A few pictures here:- http://www.scooterhelp.com/moto.barrels/honda.cr250.84_85.overview.html
A bit of YouTube of a guy working on his ATAC http://www.youtube.com/watch?v=tY7D0jLcfws
Atac and vtac differ very little. Vtac is a resonator chamber like kips, with only one inlet/outlet where atac is a bypass chamber with a in and out yet it doesn't block the main exhaust flow even when open so it very much acts like a resonator.
Attachment 241367 Attachment 241376
Attachment 241373
All of these designs stretch the vacuum, phase, and pressure waves that bounce back to the cylinder effectively making the pipe act like it has a longer tuned length when the resonator is open and making the pipe act like it has a shorter tuned length when the resonator is closed.
Attachment 241375Attachment 241374
There might be some problem with a longish hose collapsing under vacuum when the throttle is closed unless you have a spring inside it like some radiator pipes on the suction side of a radiator have.

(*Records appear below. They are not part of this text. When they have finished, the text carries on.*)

(* Let $G$ be a $\gamma_t$-critical graph of order $n$ with $\gamma_t(G)=n-\Delta(G)$ and $\delta(G)\ge 2$. Let $v$ be a vertex with $d(v)=\Delta(G)$, let $S=V(G)\setminus N[v]$, and let $H_1,\dots,H_t$ be the connected components of $G[S]$. Then: (1) each $H_i$ is isomorphic to $P_2$ or $P_3$; (2) if some $H_i$ is isomorphic to $P_3$, then $G[S]$ itself is a path $P_3=u_1u_2u_3$ (so $t=1$); moreover $N(u_2)\cap N(v)=\emptyset$, and $N(v)$ is the disjoint union of the two nonempty sets $N(u_1)\setminus\{u_2\}$ and $N(u_3)\setminus\{u_2\}$; (3) if every $H_i$ is isomorphic to $P_2$, say $H_i=u_iw_i$, then $N(u)\cap N(v)\neq\emptyset$ for every $u\in S$, and $N(v)$ is the disjoint union of the sets $N(u_1)\setminus\{w_1\},\,N(w_1)\setminus\{u_1\},\dots,N(u_t)\setminus\{w_t\},\,N(w_t)\setminus\{u_t\}$.
   Context: All graphs are finite and simple. $N(x)$ is the neighborhood of $x$, $N[x]=N(x)\cup\{x\}$, $d(x)=|N(x)|$, $G[X]$ the subgraph induced by $X$, $P_k$ the path on $k$ vertices. A set $S\subseteq V(G)$ is a total dominating set if every vertex of $G$ is adjacent to some vertex of $S$; $\gamma_t(G)$ is the minimum size of such a set. A leaf is a vertex of degree one. A graph $G$ with no isolated vertex is $\gamma_t$-critical if for every vertex $v$ not adjacent to a leaf, $\gamma_t(G-v)<\gamma_t(G)$. *)

(* A simple graph is a symmetric irreflexive relation e on a finType T. *)
From mathcomp Require Import all_boot.
Set Implicit Arguments. Unset Strict Implicit. Unset Printing Implicit Defensive.
Lemma two_edges_reg k : uniform k C -> reg_ge K I (k * s + k - 1).
Proof.
move=> unif; have k0 : (0 < k)%N.
  by rewrite -(unif e1 (im_sub hM e1M)) card_gt0; apply: contraNneq C0 => <-; apply: (im_sub hM).
exists 1%N, (k * s + k - 1)%N; split => //; exists b; split.
  rewrite total_matching_degree bigM /= /c eqxx (negbTE ne12).
  by rewrite !unif ?(im_sub hM) //; clear -k0; lia.
apply: (betti_neq0_of_cocycle (@edge_ideal_pow_upclosed n s C) _ two_edges_faces) => //.
  exact: two_edges_cocycle.
by rewrite cobd_meetc_cross ?ksign_neq0 // (disjointFl dis12 we2).
Qed.

End TwoEdges.

(* In
   multidegree b = 1_{e1} + 1_{e2} + s 1_{e3} (total degree 2k + k s), a
   set H (inside the edges) is a Koszul basis element iff it does not meet
   all three edges.  With u_j in e_j, the boundary of {u1, u2, u3} is a
   2-cycle, detected by the cup-product cochain
   G |-> cobd (meetc e1) G * meetc e2 G. *)
Section ThreeEdges.
Local Open Scope ring_scope.
Variables (K : fieldType) (n s : nat) (C : {set {set 'I_n}}).
Variables (e1 e2 e3 : {set 'I_n}) (u1 u2 u3 : 'I_n).
Hypotheses (s1 : (1 <= s)%N) (C0 : set0 \notin C).
Hypotheses (ne12 : e1 != e2) (ne13 : e1 != e3) (ne23 : e2 != e3).
Hypothesis hM : induced_matching C (e3 |: [set e1; e2]).
Hypotheses (ue1 : u1 \in e1) (ue2 : u2 \in e2) (ue3 : u3 \in e3).

Implicit Types (e G H : {set 'I_n}) (u : 'I_n).

Let M := e3 |: [set e1; e2].
Let c e : nat := if e == e3 then s else 1%N.
Let b := matching_degree M c.
Let I := edge_ideal_pow C s.
Let cup G : K := cobd (meetc K e1) G * meetc K e2 G.
Let F0 := u3 |: [set u1; u2].

Let e1M : e1 \in M. Proof. by rewrite !inE eqxx orbT. Qed.
Let e2M : e2 \in M. Proof. by rewrite !inE eqxx !orbT. Qed.
Let e3M : e3 \in M. Proof. by rewrite !inE eqxx. Qed.
Let dis12 : [disjoint e1 & e2]. Proof. exact: (im_disjoint hM e1M e2M ne12). Qed.
Let dis13 : [disjoint e1 & e3]. Proof. exact: (im_disjoint hM e1M e3M ne13). Qed.
Let dis23 : [disjoint e2 & e3]. Proof. exact: (im_disjoint hM e2M e3M ne23). Qed.

Let bigM (R : Type) (idx : R) (op : Monoid.com_law idx) (g : {set 'I_n} -> R) :
  \big[op/idx]_(e in M) g e = op (op (g e1) (g e2)) (g e3).
Proof.
rewrite big_setU1 ?big_setU1 ?big_set1 ?inE //= ?negb_or 1?eq_sym ?ne13 1?eq_sym ?ne23 //.
by rewrite Monoid.mulmC.
Qed.

Let kbasis_three i H : kbasis I b i H = [&& #|H| == i, H \subset e1 :|: e2 :|: e3
    & ~~ [&& ~~ [disjoint e1 & H], ~~ [disjoint e2 & H] & ~~ [disjoint e3 & H]]].
Proof.
rewrite kbasis_matchingE // => [|e]; last by rewrite /c; case: eqP.
by rewrite !bigM /= /c eqxx (negbTE ne13) (negbTE ne23) three_count.
Qed.

Let F0P (P : 'I_n -> Prop) : P u1 -> P u2 -> P u3 -> forall x, x \in F0 -> P x.
Proof. by move=> P1 P2 P3 x; rewrite !inE => /or3P[] /eqP ->. Qed.

Let F0_cover : F0 \subset e1 :|: e2 :|: e3.
Proof. by apply/subsetP; apply: F0P; rewrite !inE ?ue1 ?ue2 ?ue3 ?orbT. Qed.

Let u12 : u1 != u2.
Proof. by apply: contraTneq ue2 => <-; rewrite (disjointFr dis12 ue1). Qed.
Let u13 : u1 != u3.
Proof. by apply: contraTneq ue3 => <-; rewrite (disjointFr dis13 ue1). Qed.
Let u23 : u2 != u3.
Proof. by apply: contraTneq ue3 => <-; rewrite (disjointFr dis23 ue2). Qed.
Let u3_notin : u3 \notin [set u1; u2].
Proof. by rewrite !inE negb_or !(eq_sym u3) u13 u23. Qed.

Let card_F0 : #|F0| = 3%N.
Proof. by rewrite cardsU1 cards2 u12 u3_notin. Qed.

Let face_disjoint e u : (forall x, x \in F0 -> x \in e -> x = u) ->
  [disjoint e & F0 :\ u].
Proof.
move=> pt; rewrite disjoint_sym disjoint_subset; apply/subsetP => x.
by rewrite in_setD1 => /andP[xu xF]; apply/negP => /(pt x xF) ex; rewrite ex eqxx in xu.
Qed.

Let pt1 x : x \in F0 -> x \in e1 -> x = u1.
Proof. by move: x; apply: (@F0P (fun x => x \in e1 -> x = u1)); rewrite // ?(disjointFl dis12 ue2) ?(disjointFl dis13 ue3). Qed.

Let pt2 x : x \in F0 -> x \in e2 -> x = u2.
Proof. by move: x; apply: (@F0P (fun x => x \in e2 -> x = u2)); rewrite // ?(disjointFr dis12 ue1) ?(disjointFl dis23 ue3). Qed.

Let pt3 x : x \in F0 -> x \in e3 -> x = u3.
Proof. by move: x; apply: (@F0P (fun x => x \in e3 -> x = u3)); rewrite // ?(disjointFr dis13 ue1) ?(disjointFr dis23 ue2). Qed.

Let cup_vanish G : [disjoint e1 & G] || [disjoint e2 & G] -> cup G = 0.
Proof.
case/orP => dj; rewrite /cup; last by rewrite (meetc0 _ (G := G)) ?mulr0 // disjoint_sym.
rewrite cobd_zero ?mul0r // => v _; apply: meetc0.
by rewrite disjoint_sym; apply: disjointWr dj; apply: subD1set.
Qed.
(* Let $\mathcal{X}$ be a probability distribution over a set of queries, $k \geq 1$, and $\hat q_1,\dots,\hat q_k,\hat c_1,\dots,\hat c_k : \mathcal{X} \to \mathbb{R}$ integrable functions, and assume the set $\Lambda$ is finite. Let $0 \leq \lambda_1 < \lambda_2$ and let $s^{(1)} \in S_{\lambda_1}$, $s^{(2)} \in S_{\lambda_2}$ have costs $B_1 = C(s^{(1)})$ and $B_2 = C(s^{(2)})$ respectively. Then for every $B \in [B_2, B_1]$ there exists $\lambda \in [\lambda_1,\lambda_2]$ such that $S_\lambda$ contains a routing strategy $s$ with $C(s) = B$.
   Context: A routing strategy is a measurable function $s : \mathcal{X} \to \mathbb{R}^k$ with $s_i(x) \geq 0$ for all $i$ and $\sum_{i=1}^k s_i(x) = 1$ for all $x$; its cost is $C(s) = \mathbb{E}_{x \sim \mathcal{X}}\left[\sum_{i=1}^k s_i(x)\hat c_i(x)\right]$. For $\lambda \in \mathbb{R}^+$, $S_\lambda$ is the set of routing strategies $s$ such that for all $x \in \mathcal{X}$ and $i \in \{1,\dots,k\}$: if $\hat q_i(x) - \lambda \hat c_i(x) < \max_j(\hat q_j(x) - \lambda \hat c_j(x))$ then $s_i(x) = 0$. $\Lambda$ is the set of $\lambda \in \mathbb{R}$ for which there exist $x \in \mathcal{X}$ and $i \neq j$ with $\hat q_i(x) - \lambda \hat c_i(x) = \hat q_j(x) - \lambda \hat c_j(x)$. *)

From HB Require Import structures.
From mathcomp Require Import all_boot all_order all_algebra.
From mathcomp Require Import all_classical all_reals all_analysis.
Set Implicit Arguments. Unset Strict Implicit. Unset Printing Implicit Defensive.
Import Order.TTheory GRing.Theory Num.Theory.
Local Open Scope classical_set_scope.
Local Open Scope ring_scope.

Section Routing.
Context {d : measure_display} {X : measurableType d} {R : realType} {k : nat}.

Definition routing_strategy (s : X -> 'I_k -> R) : Prop :=
  (forall i, measurable_fun setT (fun x => s x i)) /\
  (forall x i, 0 <= s x i) /\
  (forall x, \sum_(i < k) s x i = 1).

Definition cost (P : probability X R) (c : 'I_k -> X -> R)
  (s : X -> 'I_k -> R) : \bar R :=
  (\int[P]_x (\sum_(i < k) s x i * c i x)%:E)%E.

Definition in_S (q c : 'I_k -> X -> R) (lam : R) (s : X -> 'I_k -> R) : Prop :=
  routing_strategy s /\
  forall x i, q i x - lam * c i x < \big[Num.max/q i x - lam * c i x]_(j < k) (q j x - lam * c j x) ->
    s x i = 0.

Definition Lambda (q c : 'I_k -> X -> R) : set R :=
  [set lam | exists x i j, i != j /\ q i x - lam * c i x = q j x - lam * c j x].

End Routing.

(** The score [q_i - lam c_i] of each model is affine in [lam], so the order of the
    scores, and with it the set [S_lam], can only change at a tie point.  On an interval
    without tie points, the greedy strategy at an interior point therefore lies in [S_lam]
    for both endpoints.  Within a single [S_lam], convex combinations of two strategies
    realise every cost between theirs, since the cost is linear.  Chaining these two facts
    across the finitely many tie points in [[lam1, lam2]] gives the result. *)

From HB Require Import structures.
From mathcomp Require Import all_boot all_order all_algebra.
From mathcomp Require Import all_classical all_reals all_analysis.
From mathcomp Require Import measurable_realfun ring lra.
Import Order.TTheory GRing.Theory Num.Theory.
Local Open Scope classical_set_scope.
Local Open Scope ring_scope.

Definition between {R : realDomainType} (a b x : R) := (a <= x <= b) \/ (b <= x <= a).

Lemma between_split {R : realDomainType} {a b x : R} (c : R) :
  between a b x -> between a c x \/ between c b x.
Proof.
rewrite /between => hx; case: (lerP x c) => hc; case: hx => /andP[h1 h2].
- by left; left; apply/andP.
- by right; right; apply/andP.
- by right; left; rewrite ltW.
- by left; right; rewrite ltW.
Qed.

Lemma affine_ge0_stable {R : realFieldType} {a b l1 l2 nu lam : R} :
  l1 < nu < l2 -> l1 <= lam <= l2 -> (forall mu, l1 < mu < l2 -> a - mu * b != 0) ->
  0 <= a - nu * b -> 0 <= a - lam * b.
Proof.
move=> /andP[l1nu nul2] /andP[l1lam laml2] nz nu_ge0.
have nu_gt0 : 0 < a - nu * b by rewrite lt0r nz ?l1nu.
rewrite leNgt; apply/negP => lam_lt0.
have b_neq0 : b != 0 by apply/eqP => b0; rewrite b0 in nu_gt0 lam_lt0; lra.
suff /nz : l1 < a / b < l2 by rewrite divfK // subrr eqxx.
case: (ltgtP b 0) => [b_lt0|b_gt0|b0]; last by rewrite b0 eqxx in b_neq0.
- have h1 : a / b < nu by rewrite ltr_ndivrMr //; lra.
  have h2 : lam < a / b by rewrite ltr_ndivlMr //; lra.
  apply/andP; split; lra.
- have h1 : nu < a / b by rewrite ltr_pdivlMr //; lra.
  have h2 : a / b < lam by rewrite ltr_pdivrMr //; lra.
  apply/andP; split; lra.
Qed.

Lemma measurable_bigmax {d} {T : measurableType d} {R : realType} (D : set T)
    (I : Type) (r : seq I) (P : pred I) (h0 : T -> R) (h : I -> T -> R) :
  measurable_fun D h0 -> (forall i, measurable_fun D (h i)) ->
  measurable_fun D (fun x => \big[Num.max/h0 x]_(i <- r | P i) h i x).
Proof.
move=> m0 mh; elim: r => [|a r ih]; first by under eq_fun do rewrite big_nil.
under eq_fun do rewrite big_cons.
by case: (P a) => //; exact: measurable_maxr.
Qed.

Section Routing.
Context {d : measure_display} {X : measurableType d} {R : realType} {k : nat}.
Variables (P : probability X R) (q c : 'I_k -> X -> R).
Hypotheses (hk : (0 < k)%N)
  (hq : forall i, P.-integrable setT (fun x => (q i x)%:E))
  (hc : forall i, P.-integrable setT (fun x => (c i x)%:E)).
Implicit Types (s t : X -> 'I_k -> R) (lam mu : R).

Definition score lam i x := q i x - lam * c i x.

Lemma in_S_iff lam s : in_S q c lam s <->
  routing_strategy s /\ forall x i, s x i != 0 -> forall j, score lam j x <= score lam i x.
Proof.
split=> -[rs top]; split=> // x i.
- move=> si_neq0 j; rewrite leNgt; apply: contra si_neq0 => lt_ij.
  by apply/eqP/top/(lt_le_trans lt_ij); exact: le_bigmax.
- move=> lt_max; apply/eqP; apply: contraTT lt_max => /top le_i.
  by rewrite -leNgt; apply/bigmax_leP; split=> // j _; exact: le_i.
Qed.

Definition tie_free l1 l2 := forall mu, l1 < mu < l2 -> ~ Lambda q c mu.

Lemma in_S_stable l1 l2 nu lam s : tie_free l1 l2 ->
  l1 < nu < l2 -> l1 <= lam <= l2 -> in_S q c nu s -> in_S q c lam s.
Proof.
move=> tf hnu hlam /in_S_iff[rs top]; apply/in_S_iff; split=> // x i si_neq0 j.
have [->|ji] := eqVneq j i; first exact: lexx.
have diffE mu : score mu i x - score mu j x = (q i x - q j x) - mu * (c i x - c j x).
  by rewrite /score; ring.
rewrite -subr_ge0 diffE; apply: (affine_ge0_stable hnu hlam).
  move=> mu hmu; rewrite -diffE subr_eq0; apply/eqP => tie.
  by apply: (tf mu hmu); exists x, i, j; rewrite eq_sym.
by rewrite -diffE subr_ge0; exact: top.
Qed.

Definition mix (a : R) s t x i := (1 - a) * s x i + a * t x i.

Lemma routing_strategy_mix a s t : 0 <= a <= 1 ->
  routing_strategy s -> routing_strategy t -> routing_strategy (mix a s t).
Proof.
move=> /andP[a0 a1] [ms [s0 s1]] [mt [t0 t1]]; split; [|split].
- move=> i; apply: measurable_funD.
    exact: measurable_funM (measurable_cst _) (ms i).
  exact: measurable_funM (measurable_cst _) (mt i).
- by move=> x i; rewrite /mix addr_ge0 // mulr_ge0 // subr_ge0.
- by move=> x; rewrite /mix big_split /= -!mulr_sumr s1 t1; ring.
Qed.

Lemma in_S_mix lam a s t : 0 <= a <= 1 ->
  in_S q c lam s -> in_S q c lam t -> in_S q c lam (mix a s t).
Proof.
move=> a01 [rs top_s] [rt top_t]; split; first exact: routing_strategy_mix.
by move=> x i lt_max; rewrite /mix top_s // top_t // !mulr0 addr0.
Qed.

Lemma integrable_routed_cost {s} : routing_strategy s ->
  P.-integrable setT (fun x => (\sum_(i < k) s x i * c i x)%:E).
Proof.
move=> [ms [s0 s1]]; under eq_fun do rewrite -sumEFin.
apply: integrable_sum => // i _; under eq_fun do rewrite EFinM.
apply: (integrableMr measurableT (ms i) _ (hc i)).
exists 1; split=> // M M1 x _ /=; rewrite ger0_norm // (le_trans _ (ltW M1)) //.
by rewrite -(s1 x) (bigD1 i) //= lerDl sumr_ge0.
Qed.

Lemma cost_finite {s} : routing_strategy s -> exists C : R, cost P c s = C%:E.
Proof.
move=> /integrable_routed_cost /(integrable_fin_num measurableT) cost_fin.
by exists (fine (cost P c s)); rewrite fineK.
Qed.

Lemma cost_mix a {s t Bs Bt} : routing_strategy s -> routing_strategy t ->
  cost P c s = Bs%:E -> cost P c t = Bt%:E ->
  cost P c (mix a s t) = ((1 - a) * Bs + a * Bt)%:E.
Proof.
move=> rs rt Hs Ht; rewrite EFinD !EFinM -Hs -Ht /cost.
have ints := integrable_routed_cost rs; have intt := integrable_routed_cost rt.
rewrite -!integralZl // -integralD //; try exact: integrableZl.
apply: eq_integral => x _; rewrite -!EFinM -EFinD; congr EFin.
by rewrite /mix !mulr_sumr -big_split; apply: eq_bigr => i _ /=; ring.
Qed.

Lemma in_S_cost_convex lam s t Bs Bt B :
  in_S q c lam s -> in_S q c lam t -> cost P c s = Bs%:E -> cost P c t = Bt%:E ->
  between Bs Bt B -> exists u, in_S q c lam u /\ cost P c u = B%:E.
Proof.
wlog le_B : s t Bs Bt / Bs <= B <= Bt.
  move=> wlog hs ht Hs Ht [hB|hB].
  - by apply: (wlog s t Bs Bt) => //; left.
  - by apply: (wlog t s Bt Bs) => //; left.
move=> hs ht Hs Ht _; have /andP[le_sB le_Bt] := le_B.
have [eq_st|neq_st] := eqVneq Bs Bt.
  by exists s; split=> //; rewrite Hs; congr EFin; apply/eqP; rewrite eq_le le_sB eq_st.
have le_st := le_trans le_sB le_Bt.
have lt_st : 0 < Bt - Bs by rewrite subr_gt0 lt_neqAle neq_st.
pose a := (B - Bs) / (Bt - Bs).
have a01 : 0 <= a <= 1.
  by rewrite /a divr_ge0 ?subr_ge0 //= ler_pdivrMr // mul1r lerB.
exists (mix a s t); split; first exact: in_S_mix.
rewrite (cost_mix a hs.1 ht.1 Hs Ht); congr EFin; rewrite /a; field.
by rewrite lt0r_neq0.
Qed.

Definition top_score lam x := \big[Num.max/score lam (Ordinal hk) x]_(j < k) score lam j x.

(* [i] is the first index attaining the top score: the maximum over [j < i], seeded
   strictly below the top score, stays below it. *)
Definition first_top lam x i := (top_score lam x <= score lam i x) &&
  (\big[Num.max/(top_score lam x - 1)]_(j < k | (j < i)%N) score lam j x < top_score lam x).

Definition greedy lam x i : R := if first_top lam x i then 1 else 0.

Lemma first_topP lam x i : reflect
  (top_score lam x <= score lam i x /\ forall j : 'I_k, (j < i)%N -> score lam j x < top_score lam x)
  (first_top lam x i).
Proof.
apply: (iffP andP) => -[le_top lt_before]; split=> //.
- by move: lt_before => /bigmax_ltP[].
- by apply/bigmax_ltP; rewrite gtrBl ltr01.
Qed.

Lemma first_top_uniq {lam x i j} : first_top lam x i -> first_top lam x j -> i = j.
Proof.
move=> /first_topP[top_i before_i] /first_topP[top_j before_j]; apply: val_inj => /=.
case: (ltngtP i j) => // [ij|ji].
- by have := before_j i ij; rewrite ltNge top_i.
- by have := before_i j ji; rewrite ltNge top_j.
Qed.

Lemma exists_first_top lam x : exists i, first_top lam x i.
Proof.
pose best := [arg max_(i > Ordinal hk) score lam i x]%O.
have top_best : top_score lam x <= score lam best x.
  rewrite /best; case: arg_maxP => // i _ max_i.
  by apply/bigmax_leP; split=> [|j _]; exact: max_i.
case: (@arg_minnP _ best (fun j => top_score lam x <= score lam j x) val top_best).
move=> i top_i min_i.
exists i; apply/first_topP; split=> // j ji; rewrite ltNge; apply/negP => top_j.
by have := min_i j top_j; rewrite leqNgt ji.
Qed.

Lemma measurable_score lam i : measurable_fun setT (score lam i).
Proof.
have mq : measurable_fun setT (q i) by apply/measurable_EFinP; exact: measurable_int (hq i).
have mc : measurable_fun setT (c i) by apply/measurable_EFinP; exact: measurable_int (hc i).
exact: measurable_funB mq (measurable_funM (measurable_cst lam) mc).
Qed.

Lemma greedy_in_S lam : in_S q c lam (greedy lam).
Proof.
have mtop : measurable_fun setT (top_score lam).
  by apply: measurable_bigmax => *; exact: measurable_score.
apply/in_S_iff; split; [split; [|split]|].
- move=> i; apply: measurable_fun_ifT => //; apply: measurable_and.
    exact: measurable_fun_ler (measurable_score lam i).
  apply: measurable_fun_ltr => //; apply: measurable_bigmax => [|j].
    exact: measurable_funB mtop (measurable_cst (1 : R)).
  exact: measurable_score.
- by move=> x i; rewrite /greedy; case: ifP.
- move=> x; have [i top_i] := exists_first_top lam x.
  rewrite (bigD1 i) //= big1 => [|j ji]; first by rewrite /greedy top_i addr0.
  rewrite /greedy ifN //; apply: contra ji => top_j.
  by rewrite (first_top_uniq top_j top_i).
- move=> x i; rewrite /greedy; case: ifP => [/first_topP[top_i _] _ j|]; last by rewrite eqxx.
  by apply: le_trans top_i; exact: le_bigmax.
Qed.

Definition cost_ivp l1 l2 := forall s1 s2 B1 B2 B,
  in_S q c l1 s1 -> in_S q c l2 s2 -> cost P c s1 = B1%:E -> cost P c s2 = B2%:E ->
  between B1 B2 B ->
  exists lam, l1 <= lam <= l2 /\ exists s, in_S q c lam s /\ cost P c s = B%:E.

Lemma cost_ivp_refl lam : cost_ivp lam lam.
Proof.
move=> s1 s2 B1 B2 B hs1 hs2 hB1 hB2 hB; exists lam; split; first by rewrite lexx.
exact: in_S_cost_convex hs1 hs2 hB1 hB2 hB.
Qed.

Lemma cost_ivp_bridge {l1 m1 m2 l2 g} :
  l1 <= m1 <= l2 -> l1 <= m2 <= l2 -> in_S q c m1 g -> in_S q c m2 g ->
  cost_ivp l1 m1 -> cost_ivp m2 l2 -> cost_ivp l1 l2.
Proof.
move=> /andP[l1m1 m1l2] /andP[l1m2 m2l2] hg1 hg2 ivp1 ivp2 s1 s2 B1 B2 B hs1 hs2 hB1 hB2.
have [C hC] := cost_finite hg1.1.
case/(between_split C) => hB.
- have [lam [/andP[l1lam lamm1] attained]] := ivp1 _ _ _ _ _ hs1 hg1 hB1 hC hB.
  by exists lam; split=> //; rewrite l1lam (le_trans lamm1).
- have [lam [/andP[m2lam laml2] attained]] := ivp2 _ _ _ _ _ hg2 hs2 hC hB2 hB.
  by exists lam; split=> //; rewrite laml2 (le_trans l1m2).
Qed.

Lemma cost_ivp_tie_free l1 l2 : l1 < l2 -> tie_free l1 l2 -> cost_ivp l1 l2.
Proof.
move=> l12 tf; pose nu := (l1 + l2) / 2.
have hnu : l1 < nu < l2 by apply/andP; split; rewrite /nu; lra.
have hl1 : l1 <= l1 <= l2 by rewrite lexx ltW.
have hl2 : l1 <= l2 <= l2 by rewrite lexx ltW.
apply: (cost_ivp_bridge hl1 hl2 _ _ (cost_ivp_refl l1) (cost_ivp_refl l2));
  exact: in_S_stable tf hnu _ (greedy_in_S nu).
Qed.

Lemma cost_ivp_split {l1} mu {l2} : l1 <= mu <= l2 ->
  cost_ivp l1 mu -> cost_ivp mu l2 -> cost_ivp l1 l2.
Proof. by move=> hmu; apply: (cost_ivp_bridge hmu hmu (greedy_in_S mu) (greedy_in_S mu)). Qed.

Lemma cost_ivp_of_ties (ts : seq R) l1 l2 : l1 < l2 ->
  (forall mu, l1 < mu < l2 -> Lambda q c mu -> mu \in ts) -> cost_ivp l1 l2.
Proof.
elim: ts l1 l2 => [|t ts IH] l1 l2 l12 ties.
  by apply: cost_ivp_tie_free => // mu /ties /[apply].
have [/andP[l1t tl2]|t_out] := boolP (l1 < t < l2); last first.
  apply: IH => // mu hmu tie; move: (ties mu hmu tie); rewrite inE => /predU1P[mu_t|//].
  by rewrite -mu_t hmu in t_out.
apply: (cost_ivp_split t); first by rewrite !ltW.
- apply: IH => // mu /andP[l1mu mut] tie.
  have hmu : l1 < mu < l2 by rewrite l1mu (lt_trans mut).
  by move: (ties mu hmu tie); rewrite inE (lt_eqF mut).
- apply: IH => // mu /andP[tmu mul2] tie.
  have hmu : l1 < mu < l2 by rewrite mul2 (lt_trans l1t).
  by move: (ties mu hmu tie); rewrite inE (gt_eqF tmu).
Qed.

End Routing.

Theorem lemma5 (d : measure_display) (X : measurableType d) (R : realType)
  (P : probability X R) (k : nat) (hk : (0 < k)%N)
  (q c : 'I_k -> X -> R)
  (hq : forall i, P.-integrable setT (fun x => (q i x)%:E))
  (hc : forall i, P.-integrable setT (fun x => (c i x)%:E))
  (hfin : finite_set (Lambda q c))
  (lam1 lam2 : R) (h0 : 0 <= lam1) (h12 : lam1 < lam2)
  (s1 s2 : X -> 'I_k -> R) (hs1 : in_S q c lam1 s1) (hs2 : in_S q c lam2 s2)
  (B1 B2 : R) (hB1 : cost P c s1 = B1%:E) (hB2 : cost P c s2 = B2%:E) :
  forall B : R, B2 <= B <= B1 ->
    exists lam : R, lam1 <= lam <= lam2 /\
      exists s : X -> 'I_k -> R, in_S q c lam s /\ cost P c s = B%:E.
Proof.
move=> B hB; have [ts Lambda_ts] := (finite_seqP _).1 hfin.
have ties mu : lam1 < mu < lam2 -> Lambda q c mu -> mu \in ts.
  by rewrite Lambda_ts.
have ivp := cost_ivp_of_ties P q c hk hq hc ts lam1 lam2 h12 ties.
by apply: ivp hs1 hs2 hB1 hB2 _; right.
Qed.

I'm a bit dubious about the "making the pipe act like it has a longer tuned length" part of the claims made of these systems. & also of the Powervalve cover aftermarket people who market larger covers (for KIPS chambers etc). I've always assumed that the chamber introduces a volume that disrupts the returning wave when it is out of phase with the required engine timing, ie the ports are open longer at low rpm so the pipe waves are disruptively returning at the wrong time.
It just smacks of an easy to make aftermarket part that the punter can bolt on without stripping the engine down. But if bigger were better, then why didn't the manufacturer make them bigger? Or did they design this & forget to test it year after year? Hmm, didn't think so.
But adding one on from scratch? might be worth a try.
Don't you look at my accountant.
He's the only one I've got.
In the testing I have done, the volume of the resonator chamber isnt critical, once you have reached a certain size.The best place to start is equal to the cylinder displacement, and this will "work" every time.
Fitted to a world champ ski engine, these chambers, operated by a flat, throttle slide plate,added over 30% more power at 1/2 peak rpm.
They seem to work very similar to a PV, in that the pipe effects are dramatically reduced in the area where the wave action is way out of phase with the port.
This is seen in the sim, and on the dyno, in that you can change the pipe dramatically, and it has little effect when the PV is down, or the chamber is open.
Ive got a thing thats unique and new.To prove it I'll have the last laugh on you.Cause instead of one head I got two.And you know two heads are better than one.
Thank you. That is rather heartening to read.
Crumbs, 30% that's heaps. Obviously that engine loved it. I'm assuming a jetski engine is high RPM most of the time & has very strong wave action pipe.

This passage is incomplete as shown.